### Excerpted data
(* Let $G=(V,E)$ be a finite connected graph with arc set $A$. (a) Let $w_1:A\to\mathbb{C}$ with $\sum_{e:\,o(e)=u}|w_1(e)|^2=1$ for all $u\in V$, and let $(U_1\psi)(e)=\sum_{f:\,t(f)=o(e)}\big(2w_1(e)\overline{w_1(\bar f)}-\delta_{e,\bar f}\big)\psi(f)$ on functions $\psi:A\to\mathbb{C}$. Let $T$ be the operator on functions on $V$ given by $(Tf)(u)=\sum_{e:\,o(e)=u}w_1(e)\overline{w_1(\bar e)}f(t(e))$, and $\varphi_1(x)=(x+x^{-1})/2$. For $s\in\{1,-1\}$ put $n_s=|E|-|V|+\mathbf{1}_{\{s\in\sigma(T)\}}$. Then $\sigma(U_1)=\varphi_1^{-1}(\sigma(T))\cup\{1:n_1>0\}\cup\{-1:n_{-1}>0\}$ (i.e., $1$ is added iff $n_1>0$ and $-1$ is added iff $n_{-1}>0$). (b) Let $w_2:A\to(0,\infty)$ with $\sum_{e:\,o(e)=u}w_2(e)=1$ for all $u\in V$, and suppose there is $m_V:V\to(0,\infty)$ with $m_V(o(e))w_2(e)=m_V(t(e))w_2(\bar e)$ for all $e\in A$. Let $(U_2\psi)(e)=\sum_{f:\,t(f)=o(e)}\big(2w_2(\bar f)-\delta_{e,\bar f}\big)\psi(f)$, let $(Lf)(u)=\sum_{e:\,o(e)=u}w_2(e)f(t(e))-f(u)$, and $\varphi_2(x)=(x+x^{-1})/2-1$. Then $\sigma(U_2)=\varphi_2^{-1}(\sigma(L))$ if $G$ is a tree; $\sigma(U_2)=\varphi_2^{-1}(\sigma(L))\cup\{1\}$ if $G$ has exactly one cycle and is not bipartite; and $\sigma(U_2)=\varphi_2^{-1}(\sigma(L))\cup\{1,-1\}$ otherwise.
   Context: $A=\{(u,v):\{u,v\}\in E\}$; for $e=(u,v)$, $o(e)=u$, $t(e)=v$, $\bar e=(v,u)$. $\delta$ is the Kronecker delta, $\mathbf{1}$ an indicator, $\sigma(\cdot)$ the spectrum (set of eigenvalues), and for a function $\varphi$ and set $X$, $\varphi^{-1}(X)=\{x\in\mathbb{C}\setminus\{0\}:\varphi(x)\in X\}$. ''Exactly one cycle'' means $|E|=|V|$ for the connected graph $G$. *)

From HB Require Import structures.
From mathcomp Require Import all_boot all_order all_algebra.
From mathcomp Require Import complex.
From mathcomp Require Import reals.
Set Implicit Arguments. Unset Strict Implicit. Unset Printing Implicit Defensive.
Import Order.TTheory GRing.Theory Num.Theory.
Local Open Scope ring_scope.
Local Open Scope complex_scope.

Definition simple_graph (V : finType) (adj : rel V) :=
  symmetric adj /\ irreflexive adj.

Definition connected_graph (V : finType) (adj : rel V) :=
  (0 < #|V|)%N /\ forall x y : V, connect adj x y.

(* Arc set A = {(u,v) : {u,v} in E}. o(e) = (val e).1, t(e) = (val e).2,
   and the reversed arc of e is ((val e).2, (val e).1). *)
Definition garc (V : finType) (adj : rel V) := {p : (V * V)%type | adj p.1 p.2}.

Definition edges (V : finType) (adj : rel V) : {set {set V}} :=
  [set [set x; y] | x in V, y in V & adj x y].

Definition bipartite (V : finType) (adj : rel V) :=
  exists c : V -> bool, forall x y, adj x y -> c x != c y.

(* Matrix of the linear operator (K psi)(i) = sum_j K i j psi(j) on functions
   X -> F, in the basis of indicator functions enumerated by enum X. *)
Definition opmx (F : fieldType) (X : finType) (K : X -> X -> F) : 'M[F]_#|X| :=
  \matrix_(i, j) K (enum_val i) (enum_val j).

Definition spectrum (F : fieldType) (X : finType) (K : X -> X -> F) : pred F :=
  fun a => eigenvalue (opmx K) a.

Definition preim_nz (F : fieldType) (phi : F -> F) (S : pred F) : pred F :=
  fun x => (x != 0) && S (phi x).

Section Ops.
Variables (R : realType) (V : finType) (adj : rel V).
Local Notation C := R[i].
Local Notation A := (garc adj).

Definition U1_kernel (w : V -> V -> C) (e f : A) : C :=
  if (val f).2 == (val e).1 then
    2 * w (val e).1 (val e).2 * conjc (w (val f).2 (val f).1)
    - ((val e == ((val f).2, (val f).1)) %:R)
  else 0.

Definition T_kernel (w : V -> V -> C) (u v : V) : C :=
  \sum_(e : A | ((val e).1 == u) && ((val e).2 == v))
     w (val e).1 (val e).2 * conjc (w (val e).2 (val e).1).

Definition phi1 (x : C) : C := (x + x^-1) / 2.

Definition U2_kernel (w : V -> V -> R) (e f : A) : C :=
  if (val f).2 == (val e).1 then
    2 * (w (val f).2 (val f).1)%:C - ((val e == ((val f).2, (val f).1)) %:R)
  else 0.

Definition L_kernel (w : V -> V -> R) (u v : V) : C :=
  (\sum_(e : A | ((val e).1 == u) && ((val e).2 == v)) (w (val e).1 (val e).2)%:C)
  - (u == v)%:R.

Definition phi2 (x : C) : C := (x + x^-1) / 2 - 1.
End Ops.

Arguments U1_kernel {R V} adj w e f.
Arguments U2_kernel {R V} adj w e f.
Arguments T_kernel {R V} adj w u v.
Arguments L_kernel {R V} adj w u v.

(* Write U psi (e) = 2 a(e) d(psi o rev)(o(e)) - psi(rev e), where d psi (u) is the outflow
   sum_{o(e) = u} c(e) psi(e) and sum_{o(e) = u} c(e) a(e) = 1, and let M be the vertex operator
   M g (u) = sum_{o(e) = u} c(e) a(rev e) g(t(e)); in (a) (c, a) = (conj w1, w1) and M = T, in (b)
   (c, a) = (w2, 1) and M = L + 1.  For an eigenvector psi of U with eigenvalue x, d(psi o rev) =
   x d psi and 2 x M (d psi) = (1 + x^2) d psi.  So either d psi is an eigenvector of M for
   (x + 1/x)/2, or d psi = 0, psi(rev e) = - x psi(e) and x = 1 or -1: psi is a twisted cycle.
   Eigenvectors of M lift back to U.  Twisted cycles for s = 1, -1 form the kernel of a
   |V| x |E| system whose transposed kernel consists of balanced functions; conjugated (a) or
   divided by the reversing measure (b), these are eigenvectors of M for s.  Hence when s is
   not an eigenvalue of M, twisted cycles exist iff |E| > |V|.  In (b) the constants and, on a
   bipartite graph, a +-1 colouring give the eigenvalues 1 and -1 of M, and connectedness gives
   |V| <= |E| + 1. *)

From HB Require Import structures.
From mathcomp Require Import all_boot all_order all_algebra.
From mathcomp Require Import complex.
From mathcomp Require Import reals.
From mathcomp Require Import ring.
Import Order.TTheory GRing.Theory Num.Theory.
Local Open Scope ring_scope.
Set Implicit Arguments. Unset Strict Implicit. Unset Printing Implicit Defensive.

Lemma two_neq0 (K : numDomainType) : (2 : K) != 0.
Proof. by rewrite pnatr_eq0. Qed.

Lemma sum_mulr_eq (R : pzSemiRingType) (I : finType) (g : I -> R) z :
  \sum_y g y * (z == y)%:R = g z.
Proof.
rewrite (bigD1 z) //= eqxx mulr1 big1 ?addr0 // => y /negPf yz.
by rewrite eq_sym yz mulr0.
Qed.

Lemma exists_neq0_sum (M : nmodType) (I : finType) (P : pred I) (G : I -> M) :
  \sum_(i | P i) G i != 0 -> exists i, G i != 0.
Proof.
move=> sum0; suff /existsP[i Gi0] : [exists i, G i != 0] by exists i.
apply: contraNT sum0 => /existsPn G0; rewrite big1 // => i _.
by apply/eqP; move: (G0 i); rewrite negbK.
Qed.

Section Eigenvalues.
Variables (F : fieldType) (X : finType).

Definition op_eigenvalue (Op : (X -> F) -> X -> F) (a : F) :=
  exists g : X -> F, (exists x, g x != 0) /\ forall x, Op g x = a * g x.

Lemma sum_enum_val (G : X -> F) : \sum_(k < #|X|) G (enum_val k) = \sum_x G x.
Proof. by rewrite -big_enum_val. Qed.

Lemma spectrum_rowP (K : X -> X -> F) a :
  spectrum K a <-> op_eigenvalue (fun g j => \sum_i g i * K i j) a.
Proof.
rewrite /spectrum; split.
  move=> /eigenvalueP[v /rowP vK /rV0Pn[k vk0]].
  exists (fun x => v 0 (enum_rank x)); split; first by exists (enum_val k); rewrite enum_valK.
  move=> j; have := vK (enum_rank j); rewrite !mxE => <-.
  by rewrite -sum_enum_val; apply: eq_bigr => i _; rewrite !mxE enum_valK enum_rankK.
move=> [g [[x gx0] gK]]; apply/eigenvalueP; exists (\row_k g (enum_val k)).
  apply/rowP => j; rewrite !mxE -gK -sum_enum_val.
  by apply: eq_bigr => i _; rewrite !mxE.
by apply/rV0Pn; exists (enum_rank x); rewrite mxE enum_rankK.
Qed.

Lemma spectrum_tr (K : X -> X -> F) a : spectrum (fun i j => K j i) a = spectrum K a.
Proof.
rewrite /spectrum /eigenvalue /eigenspace !kermx_eq0 /row_free -mxrank_tr.
by congr (\rank _ != _); apply/matrixP => i j; rewrite !mxE eq_sym.
Qed.

Lemma spectrum_colP (K : X -> X -> F) a :
  spectrum K a <-> op_eigenvalue (fun g i => \sum_j K i j * g j) a.
Proof.
rewrite -spectrum_tr spectrum_rowP.
by split=> -[g [g0 gK]]; exists g; split=> // i; rewrite -gK; apply: eq_bigr => j _; rewrite mulrC.
Qed.

End Eigenvalues.

Section LinearSystems.
Variables (F : fieldType) (X Y : finType) (P : pred X) (Q : pred Y) (K : Y -> X -> F).

Let Km : 'M[F]_(#|P|, #|Q|) := \matrix_(i, j) K (enum_val j) (enum_val i).

Let sum_enum_P (G : X -> F) : \sum_(x | P x) G x = \sum_(i < #|P|) G (enum_val i).
Proof. exact: big_enum_val. Qed.

Lemma underdetermined_system : (#|Q| < #|P|)%N ->
  exists v : X -> F, (exists2 x, P x & v x != 0) /\
    forall y, Q y -> \sum_(x | P x) K y x * v x = 0.
Proof.
move=> ltQP; have : kermx Km != 0.
  by rewrite kermx_eq0 /row_free neq_ltn (leq_ltn_trans (rank_leq_col Km) ltQP).
rewrite -nz_row_eq0; set u := nz_row _ => /rV0Pn[i0 ui0].
have uK : u *m Km = 0 by apply/sub_kermxP; exact: nz_row_sub.
have Px0 : enum_val i0 \in P by exact: enum_valP.
exists (fun x => if x \in P then u 0 (enum_rank_in Px0 x) else 0); split.
  by exists (enum_val i0); [exact: enum_valP | rewrite Px0 enum_valK_in].
move=> y Qy; move/rowP: uK => /(_ (enum_rank_in Qy y)); rewrite !mxE => uKy.
rewrite -[RHS]uKy sum_enum_P; apply: eq_bigr => i _.
by rewrite enum_valP enum_valK_in !mxE enum_rankK_in // mulrC.
Qed.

### Exercise
In the listing above, find the line containing "not an eigenvalue" and the line containing "Variables (F : fieldType) (X : finType).". Output them and every line between, exactly, and nothing else.

### Solution to this exercise
   not an eigenvalue of M, twisted cycles exist iff |E| > |V|.  In (b) the constants and, on a
   bipartite graph, a +-1 colouring give the eigenvalues 1 and -1 of M, and connectedness gives
   |V| <= |E| + 1. *)

From HB Require Import structures.
From mathcomp Require Import all_boot all_order all_algebra.
From mathcomp Require Import complex.
From mathcomp Require Import reals.
From mathcomp Require Import ring.
Import Order.TTheory GRing.Theory Num.Theory.
Local Open Scope ring_scope.
Set Implicit Arguments. Unset Strict Implicit. Unset Printing Implicit Defensive.

Lemma two_neq0 (K : numDomainType) : (2 : K) != 0.
Proof. by rewrite pnatr_eq0. Qed.

Lemma sum_mulr_eq (R : pzSemiRingType) (I : finType) (g : I -> R) z :
  \sum_y g y * (z == y)%:R = g z.
Proof.
rewrite (bigD1 z) //= eqxx mulr1 big1 ?addr0 // => y /negPf yz.
by rewrite eq_sym yz mulr0.
Qed.

Lemma exists_neq0_sum (M : nmodType) (I : finType) (P : pred I) (G : I -> M) :
  \sum_(i | P i) G i != 0 -> exists i, G i != 0.
Proof.
move=> sum0; suff /existsP[i Gi0] : [exists i, G i != 0] by exists i.
apply: contraNT sum0 => /existsPn G0; rewrite big1 // => i _.
by apply/eqP; move: (G0 i); rewrite negbK.
Qed.

Section Eigenvalues.
Variables (F : fieldType) (X : finType).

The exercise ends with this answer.